Collection entries

(* The set D of asymptotic directions is closed in the unit circle.  If D met
   every antipodal pair {c, -c} but contained none, D and -D would split the
   circle into two disjoint closed sets; so some pair {c, -c} misses D, and
   since i c and -i c are not both in D, one may take xi = -i c or xi = i c so
   that xi, i xi and -i xi all lie outside D.  Each direction outside D has a
   closed sector around it in which R_f is bounded, and the three sectors
   cover the cones of the statement. *)

Lemma Rabs_sin_le (x : R) : Rabs (sin x) <= Rabs x.
Proof.
  assert (Hpos : forall y, 0 < y -> Rabs (sin y) <= y).
  { intros y Hy. pose proof (sin_lt_x y Hy). pose proof (SIN_bound y).
    destruct (Rle_lt_dec y PI).
    - pose proof (sin_ge_0 y). rewrite Rabs_pos_eq; lra.
    - pose proof PI2_1. apply Rabs_le; lra. }
  destruct (Rtotal_order x 0) as [Hx|[->|Hx]].
  - pose proof (Hpos (- x) ltac:(lra)) as H. rewrite sin_neg, Rabs_Ropp in H.
    rewrite (Rabs_left x) by lra. exact H.
  - rewrite sin_0; lra.
  - rewrite (Rabs_pos_eq x) by lra. now apply Hpos.
Qed.

Lemma Cmod_cis (t : R) : Cmod (cis t) = 1.
Proof.
  assert (H : cos t ^ 2 + sin t ^ 2 = 1).
  { pose proof (sin2_cos2 t). unfold Rsqr in *. lra. }
  unfold Cmod, cis; cbn [fst snd]. rewrite H. apply sqrt_1.
Qed.

Lemma Cmod_cis_sub_le (a b : R) : Cmod (cis a - cis b)%C <= Rabs (a - b).
Proof.
  assert (Hsqr : Cmod (cis a - cis b)%C = sqrt (2 * sin ((a - b) / 2))²).
  { unfold Cmod, cis; simpl. f_equal.
    replace (cos a + - cos b) with (cos a - cos b) by ring.
    replace (sin a + - sin b) with (sin a - sin b) by ring.
    rewrite form2, form4. pose proof (sin2_cos2 ((a + b) / 2)). unfold Rsqr in *. nra. }
  rewrite Hsqr, sqrt_Rsqr_abs, Rabs_mult, Rabs_pos_eq by lra.
  pose proof (Rabs_sin_le ((a - b) / 2)).
  replace (Rabs ((a - b) / 2)) with (Rabs (a - b) / 2) in *
    by (unfold Rdiv; rewrite Rabs_mult, (Rabs_pos_eq (/ 2)); lra).
  lra.
Qed.

Lemma Copp_cis (t : R) : (- cis t)%C = cis (t + PI).
Proof. unfold cis, Copp; rewrite neg_cos, neg_sin; reflexivity. Qed.

Lemma Cmod_scal_cis (t th : R) : Cmod (t * cis th)%C = Rabs t.
Proof. rewrite Cmod_mult, Cmod_R, Cmod_cis; ring. Qed.

Lemma Ci_mul_Ci (x : C) : (Ci * (Ci * x))%C = (- x)%C.
Proof. destruct x; unfold Cmult, Ci, Copp; simpl; f_equal; ring. Qed.

Lemma Ci_mul_opp_Ci (x : C) : (Ci * - (Ci * x))%C = x.
Proof. destruct x; unfold Cmult, Ci, Copp; simpl; f_equal; ring. Qed.

Lemma Copp_involutive (x : C) : (- - x)%C = x.
Proof. ring. Qed.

* **What this task involves**:
If a line in the records contains the string "assert", copy it out.

* **Solution to this task**:
  assert (Hpos : forall y, 0 < y -> Rabs (sin y) <= y).
  assert (H : cos t ^ 2 + sin t ^ 2 = 1).
  assert (Hsqr : Cmod (cis a - cis b)%C = sqrt (2 * sin ((a - b) / 2))²).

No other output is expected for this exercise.